Humans check all the subtasks and so do AI models. To keep the humans paying attention, a "red team" AI model could introduce obviously sabotaged output to the review queue, similar to how airport screeners occasionally see a gun or bomb digitally inserted.
And you ...
I think the overall goal in this proposal is to get a corrigible agent capable of bounded tasks (that maybe shuts down after task completion), rather than a sovereign?
One remaining problem (ontology identification) is making sure your goal specification stays the same for a world-model that changes/learns.
Then the next remaining problem is the inner alignment problem of making sure that the planning algorithm/optimizer (whatever it is that generates actions given a goal, whether or not it's separable from other components) is actually pointed at the goal you've specified and doesn't have any other goals mixed into it. (see Context Disaster for more detail on some of this, optimization daemons, and actual effectiveness). Part of this problem is making sure the system is stable under reflection.

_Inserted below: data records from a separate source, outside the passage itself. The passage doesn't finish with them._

Lemma interior_leaves_halfplane (S : pt -> Prop) A B z c :
  A != B -> c != 0 -> interior_pt S z ->
  exists2 q, S q & c * det A B q < c * det A B z.
Proof.
move=> AB c0 [eps [eps0 Sball]].
set d1 := B.1 - A.1; set d2 := B.2 - A.2.
have d_neq0 : (d1 != 0) || (d2 != 0).
  apply: contraNT AB; rewrite negb_or !negbK !subr_eq0 => /andP[/eqP e1 /eqP e2].
  by apply/eqP; rewrite [A]surjective_pairing -e1 -e2 -surjective_pairing.
have sqr_gt0 (x : R) : x != 0 -> 0 < x ^+ 2.
  by move=> x0; rewrite lt0r sqrf_eq0 x0 sqr_ge0.
have d_gt0 : 0 < d1 ^+ 2 + d2 ^+ 2.
  have := sqr_ge0 d1; have := sqr_ge0 d2.
  by case/orP: d_neq0 => /sqr_gt0; lra.
pose K := 1 + `|c * d1| + `|c * d2|.
have K_gt0 : 0 < K by rewrite /K; move: (normr_ge0 (c * d1)) (normr_ge0 (c * d2)); lra.
pose delta := eps / K.
have delta_gt0 : 0 < delta by rewrite divr_gt0.
have deltaK : delta * K = eps by rewrite divfK // gt_eqF.
have delta_small x : `|c * x| < K -> `|delta * (c * x)| < eps.
  by move=> cxK; rewrite normrM gtr0_norm // -deltaK ltr_pM2l.
(* step from z along the normal (c d2, - c d1) of AB, on which c * det A B decreases *)
exists (z.1 + delta * (c * d2), z.2 - delta * (c * d1)).
  apply: Sball; rewrite /=.
    rewrite addrAC subrr add0r delta_small // /K.
    by move: (normr_ge0 (c * d1)); lra.
  rewrite addrAC subrr add0r normrN delta_small // /K.
  by move: (normr_ge0 (c * d2)); lra.
have -> : c * det A B (z.1 + delta * (c * d2), z.2 - delta * (c * d1)) =
          c * det A B z - delta * (c ^+ 2 * (d1 ^+ 2 + d2 ^+ 2)).
  by rewrite /det /d1 /d2 /=; ring.
by rewrite ltrBlDr ltrDl mulr_gt0 // mulr_gt0 // sqr_gt0.
Qed.

Definition bsign (b : bool) : R := if b then 1 else -1.

Lemma bsign_neq0 b : bsign b != 0.
Proof. by case: b; rewrite /bsign ?oppr_eq0 oner_eq0. Qed.

Variables (n : nat) (p : 'I_n -> pt).
Hypothesis p_inj : injective p.
Hypothesis p_gp : general_position p.
Implicit Types (f g h : segment n) (i w a : 'I_n).

Lemma quadrantE a1 b1 a2 b2 sg1 sg2 z :
  quadrant p a1 b1 a2 b2 sg1 sg2 z <->
  0 < bsign sg1 * det (p a1) (p b1) z /\ 0 < bsign sg2 * det (p a2) (p b2) z.
Proof.
by rewrite /quadrant /bsign; case: sg1; case: sg2; rewrite ?mul1r ?mulN1r ?oppr_gt0.
Qed.

Lemma quadrantNE a1 b1 a2 b2 sg1 sg2 z :
  quadrant p a1 b1 a2 b2 (~~ sg1) (~~ sg2) z <->
  bsign sg1 * det (p a1) (p b1) z < 0 /\ bsign sg2 * det (p a2) (p b2) z < 0.
Proof.
by rewrite /quadrant /bsign; case: sg1; case: sg2; rewrite ?mul1r ?mulN1r ?oppr_lt0.
Qed.

Lemma segP_ends f i : i \in ends f -> segP p f (p i).
Proof. by rewrite in_ends => /orP[] /eqP ->; [exact: on_seg_l | exact: on_seg_r]. Qed.

Lemma segP_has_ends f w a z : has_ends f w a -> segP p f z -> on_seg (p w) (p a) z.
Proof. by move=> + fz; case=> [[<- <-] //|[<- <-]]; exact: on_seg_sym. Qed.

Lemma segP_det f z : segP p f z -> det (p (e1 f)) (p (e2 f)) z = 0.
Proof. by case=> t [_ [_ ->]]; rewrite det_lerp /det; ring. Qed.

Lemma seg_disjoint_sym f g : seg_disjoint p f g -> seg_disjoint p g f.
Proof. by move=> fg z [gz fz]; exact: fg z (conj fz gz). Qed.

Lemma ends_disjoint f g i : seg_disjoint p f g -> i \in ends f -> i \notin ends g.
Proof.
by move=> fg /segP_ends fi; apply/negP => /segP_ends gi; exact: fg (p i) (conj fi gi).
Qed.

Lemma has_ends_separated (l : pt -> R) f g w a w' b : seg_affine l -> w != w' ->
  has_ends f w a -> has_ends g w' b ->
  0 <= l (p w) -> 0 < l (p a) -> l (p w') <= 0 -> l (p b) < 0 -> seg_disjoint p f g.
Proof.
move=> affl ww' hf hg lw la lw' lb z [/(segP_has_ends hf) fz /(segP_has_ends hg) gz].
by apply: (on_seg_separated affl _ lw la lw' lb fz gz); rewrite (inj_eq p_inj).
Qed.

Lemma det_off_seg f i : i \notin ends f -> det (p (e1 f)) (p (e2 f)) (p i) != 0.
Proof.
by rewrite in_ends negb_or => /andP[i1 i2]; apply: p_gp; rewrite 1?e1_neq_e2 1?eq_sym.
Qed.

Lemma segP_vertex f i : segP p f (p i) -> i \in ends f.
Proof. by move/segP_det/eqP; apply: contraTT => /det_off_seg. Qed.

Lemma segP_meet_unique f g z q : e1 g \notin ends f ->
  segP p f z -> segP p g z -> segP p f q -> segP p g q -> q = z.
Proof.
move=> /det_off_seg d1_neq0 /segP_det fz [s [_ [_ zE]]] /segP_det fq [s' [_ [_ qE]]].
have [ss' | ss'] := eqVneq s' s; first by rewrite qE zE ss'.
move: fz fq d1_neq0; rewrite zE qE !det_lerp.
set d1 := det _ _ (p (e1 g)); set d2 := det _ _ (p (e2 g)) => fz fq.
have : (s - s') * (d2 - d1) = 0 by rewrite mulrBl; lra.
move/eqP; rewrite mulf_eq0 subr_eq0 eq_sym (negbTE ss') subr_eq0 /= => /eqP d21.
by rewrite d21 subrr mulr0 addr0 in fz; rewrite fz eqxx.
Qed.

Lemma disjoint_of_not_crosses f g :
  ~~ touches f g -> ~ crosses p f g -> seg_disjoint p f g.
Proof.
move=> fg ncross z [fz gz]; apply: ncross; exists z.
have gf : ~~ touches g f by rewrite touchesC.
have off h k i : ~~ touches h k -> i \in ends h -> segP p k (p i) -> False.
  by move=> hk ih /segP_vertex ik; rewrite (touches_common ih ik) in hk.
have e1f : e1 f \in ends f by rewrite in_ends eqxx.
have e2f : e2 f \in ends f by rewrite in_ends eqxx orbT.
have e1g : e1 g \in ends g by rewrite in_ends eqxx.
have e2g : e2 g \in ends g by rewrite in_ends eqxx orbT.
have e1g_off : e1 g \notin ends f by apply: contraNN fg => /touches_common /(_ e1g).
split=> [q|]; first by split=> [[fq gq]|->]; [exact: segP_meet_unique fz gz fq gq|].
by do ![split] => zE; rewrite zE in fz gz;
  [ exact: off fg e1f gz | exact: off fg e2f gz
  | exact: off gf e1g fz | exact: off gf e2g fz ].
Qed.
(* Let $A\in\mathbb R^{m\times n}$, $B\in\mathbb R^{d\times n}$ with $m\ge n$, $d\ge n$, and $B$ of full column rank $n$. Let $A=U\Gamma Y^T$, $B=V\Sigma Y^T$ be a reduced GSVD of $(A,B)$ as in the context, and let $1\le k<n$ with $\gamma_1/\sigma_1>\gamma_2/\sigma_2>\dots>\gamma_k/\sigma_k>\gamma_{k+1}/\sigma_{k+1}$. Define $s_A=\mathrm{DEIM}(U_k)$, $s_B=\mathrm{DEIM}(V_k)$, $p=\mathrm{DEIM}(Y_k)$, where $U_k,V_k,Y_k$ are the first $k$ columns of $U,V,Y$. (i) Let $G=AB^{+}$ (which equals $AB^{-1}$ when $B$ is square). Then $\sigma_i>0$ for all $i$, $G=U(\Gamma\Sigma^{-1})V^T$ is a (reduced) singular value decomposition of $G$, and if $W_k$ and $Z_k$ denote any matrices of $k$ dominant left and right singular vectors of $G$, then $\mathrm{DEIM}(W_k)=s_A$ and $\mathrm{DEIM}(Z_k)=s_B$. (ii) If $d=n$ and $B=I_n$, then, with $W_k$ and $Z_k$ any matrices of $k$ dominant left and right singular vectors of $A$, $\mathrm{DEIM}(W_k)=s_A$ and $\mathrm{DEIM}(Z_k)=p$; consequently the factors $C=AP$ and $R=S_A^TA$ (with $P=I_n(:,p)$, $S_A=I_m(:,s_A)$) of the GCUR of $A$ coincide with those of the DEIM-CUR decomposition of $A$.
   Context: Reduced GSVD: $U\in\mathbb R^{m\times n}$, $V\in\mathbb R^{d\times n}$ have orthonormal columns, $Y\in\mathbb R^{n\times n}$ is nonsingular, $\Gamma=\mathrm{diag}(\gamma_i)$, $\Sigma=\mathrm{diag}(\sigma_i)$ with $\gamma_i,\sigma_i\in[0,1]$, $\gamma_i^2+\sigma_i^2=1$, ordered so that $\gamma_i/\sigma_i$ is nonincreasing, and $A=U\Gamma Y^T$, $B=V\Sigma Y^T$. $B^+$ is the Moore–Penrose pseudoinverse. DEIM index selection: for a matrix $X=[\mathbf x_1,\dots,\mathbf x_k]\in\mathbb R^{N\times k}$ with linearly independent columns, $\mathrm{DEIM}(X)=(s_1,\dots,s_k)$ is defined by: $s_1$ is the smallest index $i$ maximizing $|\mathbf x_1(i)|$; for $j=2,\dots,k$, with $X_{j-1}=[\mathbf x_1,\dots,\mathbf x_{j-1}]$ and $S_{j-1}=I_N(:,(s_1,\dots,s_{j-1}))$, set $\mathbf r_j=\mathbf x_j-X_{j-1}(S_{j-1}^TX_{j-1})^{-1}S_{j-1}^T\mathbf x_j$ and let $s_j$ be the smallest index $i$ maximizing $|\mathbf r_j(i)|$. (Here $I_N(:,s)$ is the matrix of columns of the identity indexed by $s$.) The DEIM-CUR decomposition of a matrix $A$ uses row indices $\mathrm{DEIM}(W_k)$ and column indices $\mathrm{DEIM}(Z_k)$ for the dominant left/right singular vectors $W_k,Z_k$; the GCUR of $(A,B)$ uses column indices $p$ for both $A$ and $B$, row indices $s_A$ for $A$ and $s_B$ for $B$. *)

From mathcomp Require Import all_boot all_order all_algebra.
From mathcomp Require Import reals.
Set Implicit Arguments. Unset Strict Implicit. Unset Printing Implicit Defensive.
Import Order.TTheory GRing.Theory Num.Theory.
Local Open Scope ring_scope.

Section Defs.
Variable R : realType.

(* entry (r, c) of X, with c given as a natural number (0 outside range) *)
Definition xentry N M (X : 'M[R]_(N, M)) (r : 'I_N) (c : nat) : R :=
  oapp (X r) 0 (insub c).

(* X(:, 1:k) : the first k columns of X (0-based columns 0..k-1) *)
Definition first_cols N M (k : nat) (X : 'M[R]_(N, M)) : 'M[R]_(N, k) :=
  \matrix_(r < N, c < k) xentry X r c.

(* I_N(:, s) for an index sequence s (0-based), with k columns *)
Definition selmx N k (s : seq nat) : 'M[R]_(N, k) :=
  \matrix_(r < N, c < k) ((nat_of_ord r == nth 0%N s c)%:R).

Definition first_argmax N (v : 'cV[R]_N) : nat :=
  find (fun i : 'I_N => [forall j : 'I_N, `|v j 0| <= `|v i 0|]) (enum 'I_N).

(* residual r_{j+1} = x_{j+1} - X_j (S_j^T X_j)^{-1} S_j^T x_{j+1}
   (0-based: j already selected indices s, next column is column j) *)
Definition deim_residual N M (X : 'M[R]_(N, M)) (s : seq nat) (j : nat)
  : 'cV[R]_N :=
  let x : 'cV[R]_N := \matrix_(r < N, c < 1) xentry X r j in
  let Xj := first_cols j X in
  let S := selmx N j s in
  x - Xj *m invmx (S^T *m Xj) *m S^T *m x.

Fixpoint deim_rec N M (X : 'M[R]_(N, M)) (j : nat) : seq nat :=
  match j with
  | 0 => [::]
  | j'.+1 => let s := deim_rec X j' in
             rcons s (first_argmax (deim_residual X s j'))
  end.

(* DEIM(X) = (s_1, ..., s_k) for X with k columns (indices 0-based) *)
Definition DEIM N k (X : 'M[R]_(N, k)) : seq nat := deim_rec X k.

Definition orthonormal_cols N M (X : 'M[R]_(N, M)) : Prop :=
  X^T *m X = 1%:M.

Definition is_svd p q r (G : 'M[R]_(p, q)) (W : 'M[R]_(p, r)) (s : 'rV[R]_r)
  (Z : 'M[R]_(q, r)) : Prop :=
  [/\ orthonormal_cols W, orthonormal_cols Z,
      (forall i : 'I_r, 0 <= s 0 i),
      (forall i j : 'I_r, (i <= j)%N -> s 0 j <= s 0 i)
    & G = W *m diag_mx s *m Z^T].

Definition is_pinv p q (B : 'M[R]_(p, q)) (X : 'M[R]_(q, p)) : Prop :=
  [/\ B *m X *m B = B, X *m B *m X = X,
      (B *m X)^T = B *m X & (X *m B)^T = X *m B].

(* reduced GSVD of (A, B) as in the context; the ordering
   "gamma_i/sigma_i nonincreasing" is written cross-multiplied
   (sigma_i may be 0, meaning gamma_i/sigma_i = +oo). *)
Definition is_gsvd m d n (A : 'M[R]_(m, n)) (B : 'M[R]_(d, n))
  (U : 'M[R]_(m, n)) (V : 'M[R]_(d, n)) (Y : 'M[R]_n)
  (gam sig : 'rV[R]_n) : Prop :=
  [/\ orthonormal_cols U /\ orthonormal_cols V, Y \in unitmx,
      (forall i, [/\ (0 <= gam 0 i <= 1), (0 <= sig 0 i <= 1)
                 & (gam 0 i ^+ 2 + sig 0 i ^+ 2 = 1)]),
      (forall i j : 'I_n, (i <= j)%N -> gam 0 j * sig 0 i <= gam 0 i * sig 0 j)
    & A = U *m diag_mx gam *m Y^T /\ B = V *m diag_mx sig *m Y^T].

(* gamma_1/sigma_1 > ... > gamma_k/sigma_k > gamma_{k+1}/sigma_{k+1}
   (cross-multiplied; 0-based indices i, i+1 with i < k) *)
Definition strict_top n (k : nat) (gam sig : 'rV[R]_n) : Prop :=
  forall i j : 'I_n, (i < k)%N -> j = i.+1 :> nat ->
    gam 0 j * sig 0 i < gam 0 i * sig 0 j.

End Defs.
Arguments selmx {R} N k s.

(* The proof rests on two independent facts.
   1. DEIM sees only directions: if the columns of X are linearly independent,
      then every interpolation system S_j^T X_j is invertible (a bordered
      matrix whose Schur complement is the pivot entry of a nonzero residual),
      every residual of X D is the corresponding residual of X scaled by a
      diagonal entry of D, so DEIM (X D) = DEIM X for any invertible diagonal D.
   2. Simple dominant singular vectors are unique up to scaling: if
      G = U diag(lam) V^T = W diag(s) Z^T are two SVDs and lam_1 > ... > lam_k
      > lam_{k+1}, then s_i = lam_i and W(:,i) = c_i U(:,i) (c_i <> 0) for i < k,
      by strong induction on i, using C = U^T W and orthonormality.
   The GSVD gives A = U diag(gam/sig) T and B = V T with T = Sigma Y^T
   invertible (sig > 0 by the rank of B), so A B^+ = U diag(gam/sig) V^T is an
   SVD; for B = I moreover V = Y Sigma.  Applying 2 and then 1 to the left and
   right singular vectors yields the theorem. *)
From mathcomp Require Import all_boot all_order all_algebra.
From mathcomp Require Import reals.
From mathcomp Require Import ring.
Set Implicit Arguments. Unset Strict Implicit. Unset Printing Implicit Defensive.
Import Order.TTheory GRing.Theory Num.Theory.
Local Open Scope ring_scope.

Section Columns.
Variable R : realType.

Lemma xentryE N M (X : 'M[R]_(N, M)) r c (Hc : (c < M)%N) :
  xentry X r c = X r (Ordinal Hc).
Proof.
rewrite /xentry; case: insubP => [c' _ c'E|]; last by rewrite Hc.
by congr (X r _); apply/val_inj; rewrite /= c'E.
Qed.

Lemma first_cols_widen N M k (Hk : (k <= M)%N) (X : 'M[R]_(N, M)) r (i : 'I_k) :
  first_cols k X r i = X r (widen_ord Hk i).
Proof.
rewrite mxE (xentryE _ _ (leq_trans (ltn_ord i) Hk)).
by congr (X r _); apply/val_inj.
Qed.

Lemma xentry_mul N M P (X : 'M[R]_(N, M)) (Y : 'M[R]_(M, P)) r c :
  xentry (X *m Y) r c = \sum_i X r i * xentry Y i c.
Proof.
rewrite /xentry; case: insubP => [c' _ _|_] /=; first by rewrite mxE.
by rewrite big1 // => i _; rewrite mulr0.
Qed.

Lemma first_cols_mul N M P k (X : 'M[R]_(N, M)) (Y : 'M[R]_(M, P)) :
  first_cols k (X *m Y) = X *m first_cols k Y.
Proof.
apply/matrixP => r c; rewrite !mxE xentry_mul.
by apply: eq_bigr => i _; rewrite mxE.
Qed.

Lemma xentry_diag N M (X : 'M[R]_(N, M)) (d : 'rV[R]_M) r c :
  xentry (X *m diag_mx d) r c = xentry X r c * xentry d 0 c.
Proof.
rewrite /xentry; case: insubP => [c' _ _|_] /=; last by rewrite mulr0.
by rewrite mul_mx_diag mxE.
Qed.

Lemma first_cols_diag N M k (X : 'M[R]_(N, M)) (d : 'rV[R]_M) :
  first_cols k (X *m diag_mx d) =
  first_cols k X *m diag_mx (\row_(c < k) xentry d 0 c).
Proof. by apply/matrixP => r c; rewrite [in LHS]mxE xentry_diag mul_mx_diag !mxE. Qed.

Lemma first_cols_orth N M k (X : 'M[R]_(N, M)) :
  (k <= M)%N -> orthonormal_cols X -> orthonormal_cols (first_cols k X).
Proof.
move=> Hk /matrixP XX; apply/matrixP => i j.
have := XX (widen_ord Hk i) (widen_ord Hk j); rewrite !mxE => <-.
by apply: eq_bigr => l _; rewrite !mxE -!(first_cols_widen Hk) !mxE.
Qed.

Lemma orth_inj N M (X : 'M[R]_(N, M)) :
  orthonormal_cols X -> forall c : 'cV[R]_M, X *m c = 0 -> c = 0.
Proof. by move=> XX c Xc; rewrite -[c]mul1mx -XX -mulmxA Xc mulmx0. Qed.

(* Two distinct orthonormal columns cannot both be nonzero multiples of one
   unit column. *)
Lemma orth_parallel_cols N M P (U : 'M[R]_(N, M)) (W : 'M[R]_(N, P))
    a (b b' : 'I_P) (c c' : R) :
  orthonormal_cols U -> orthonormal_cols W -> b != b' ->
  (forall i, W i b = U i a * c) -> (forall i, W i b' = U i a * c') ->
  c * c' = 0.
Proof.
move=> /matrixP/(_ a a) UU /matrixP/(_ b b') WW bb' Wb Wb'.
move: UU WW; rewrite !mxE eqxx (negbTE bb') mulr0n mulr1n => Ua <-.
rewrite -[c * c']mulr1 -Ua mulr_sumr; apply: eq_bigr => i _.
by rewrite !mxE Wb Wb'; ring.
Qed.

End Columns.

Section Pivot.
Variable R : realType.

Lemma first_argmax_nz N (v : 'cV[R]_N) : v != 0 ->
  exists2 t : 'I_N, first_argmax v = t & v t 0 != 0.
Proof.
move=> v0.
have [i0 vi0] : exists i, v i 0 != 0.
  apply/existsP; apply: contraNT v0 => /existsPn v0; apply/eqP/matrixP => i j.
  by rewrite (ord1 j) mxE; apply/eqP; move: (v0 i); rewrite negbK.
pose P := fun i : 'I_N => [forall j : 'I_N, `|v j 0| <= `|v i 0|].
have hasP : has P (enum 'I_N).
  apply/hasP; have [m _ Hm] := @arg_maxP _ _ _ i0 xpredT (fun i => `|v i 0|) isT.
  by exists m; [rewrite mem_enum | apply/forallP => j; apply: Hm].
have lt_piv : (first_argmax v < N)%N.
  by rewrite -[X in (_ < X)%N]size_enum_ord -has_find.
exists (Ordinal lt_piv) => //.
have := nth_find i0 hasP.
rewrite -/(first_argmax v) -[first_argmax v]/(nat_of_ord (Ordinal lt_piv)).
rewrite nth_ord_enum => /forallP/(_ i0) vmax.
by rewrite -normr_gt0 (lt_le_trans _ vmax) // normr_gt0.
Qed.

Lemma first_argmax_scale N (v : 'cV[R]_N) (a : R) : a != 0 ->
  first_argmax (a *: v) = first_argmax v.
Proof.
move=> a0; apply: eq_find => i /=; apply: eq_forallb => j.
by rewrite !mxE !normrM ler_pM2l // normr_gt0.
Qed.

Lemma det_bordered n1 (A : 'M[R]_n1) (B : 'M_(n1, 1)) (C : 'M_(1, n1)) (D : 'M_1) :
  A \in unitmx -> \det (block_mx A B C D) = \det A * (D - C *m invmx A *m B) 0 0.
Proof.
move=> A_unit.
have -> : block_mx A B C D =
  block_mx 1%:M 0 (C *m invmx A) 1%:M *m block_mx A B 0 (D - C *m invmx A *m B).
  by rewrite mulmx_block !mul1mx !mul0mx !addr0 mulmxKV // addrC subrK.
rewrite (det_mulmx (block_mx 1%:M 0 (C *m invmx A) 1%:M)).
by rewrite det_lblock det_ublock !det1 !mul1r det_mx11.
Qed.

End Pivot.

Section DEIMScaling.
Variables (R : realType) (N K : nat) (X : 'M[R]_(N, K)).

(* The column x_{j+1} of X (0-based column j). *)
Let xcol j : 'cV[R]_N := \matrix_(r < N, c < 1) xentry X r j.

Lemma size_deim j : size (deim_rec X j) = j.
Proof. by elim: j => //= j IH; rewrite size_rcons IH. Qed.

Lemma first_cols_S j : first_cols (j + 1) X = row_mx (first_cols j X) (xcol j).
Proof.
apply/matrixP => r c; rewrite !mxE.
by case: splitP => [c' ->|c' ->]; rewrite !mxE // (ord1 c') addn0.
Qed.

Lemma selmx_rcons (s : seq nat) t j : size s = j ->
  selmx N (j + 1) (rcons s t) =
  row_mx (selmx N j s) (\matrix_(r < N, c < 1) ((nat_of_ord r == t)%:R : R)).
Proof.
move=> sj; apply/matrixP => r c; rewrite !mxE.
case: splitP => [c' ->|c' ->]; rewrite !mxE nth_rcons sj ?ltn_ord //.
by rewrite (ord1 c') addn0 ltnn eqxx.
Qed.

Hypothesis X_inj : forall c : 'cV[R]_K, X *m c = 0 -> c = 0.

(* A residual is never zero: it is x_{j+1} minus a combination of x_1..x_j. *)
Lemma residual_nz s j : (j < K)%N -> deim_residual X s j != 0.
Proof.
move=> jK; apply/eqP => res0.
pose q := invmx ((selmx N j s)^T *m first_cols j X) *m (selmx N j s)^T *m xcol j.
pose ej : 'cV[R]_K := \col_i xentry (1%:M : 'M[R]_K) i j.
pose Ej : 'M[R]_(K, j) := first_cols j (1%:M : 'M[R]_K).
have xE : xcol j = X *m ej.
  apply/matrixP => r c; rewrite !mxE -{1}[X]mulmx1 xentry_mul.
  by apply: eq_bigr => i _; rewrite mxE.
have XjE : first_cols j X = X *m Ej by rewrite -first_cols_mul mulmx1.
have : X *m (ej - Ej *m q) = 0.
  by rewrite mulmxBr mulmxA -XjE -xE -res0 /deim_residual /q -!mulmxA.
move/X_inj/matrixP/(_ (Ordinal jK) 0)/eqP.
rewrite !mxE (xentryE _ _ jK) mxE eqxx big1 ?subr0 ?oner_eq0 // => l _.
rewrite !mxE (xentryE _ _ (ltn_trans (ltn_ord l) jK)) mxE -val_eqE /=.
by rewrite (gtn_eqF (ltn_ord l)) mul0r.
Qed.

Then you've got the outer alignment problem of making sure that your fusion power plant goal is safe to optimize (e.g. it won't kill people who get in the way, doesn't have any extreme effects if the world model doesn't exactly match reality, or if you've forgotten some detail). (See Goodness estimate bias, unforeseen maximum).
Ideally here you build in some form of corrigibility and other fail-safe mechanisms, so that you can iterate on the details.
That's all the main ones imo. Conditional on solving the above, and actively trying to foresee other difficult-to-iterate problems, I think it'd be relatively easy to foresee and fix remaining issues.
Assume you have a world-model that is nicely factored into spatially localized variables that contain interesting-to-you concepts. (Yes, that's a big assumption, but are there any known difficulties with the proposal if we grant this assumption?)
Pick some Markov blanket (which contains some actuators) as the bounds for your AI intervention.
Represent your goals as a causal graph (or computer program, or whatever) that fits within these bounds. For instance if you want a fusion power plant, represent it as something that takes in water and produces helium and electricity.
Perform a Pearlian counterfactual surgery where you cut out the variables within the Markov blanket and replace them with a program representing your high-level goal, and then optimize the action variables to match the behavior of the counterfactual graph.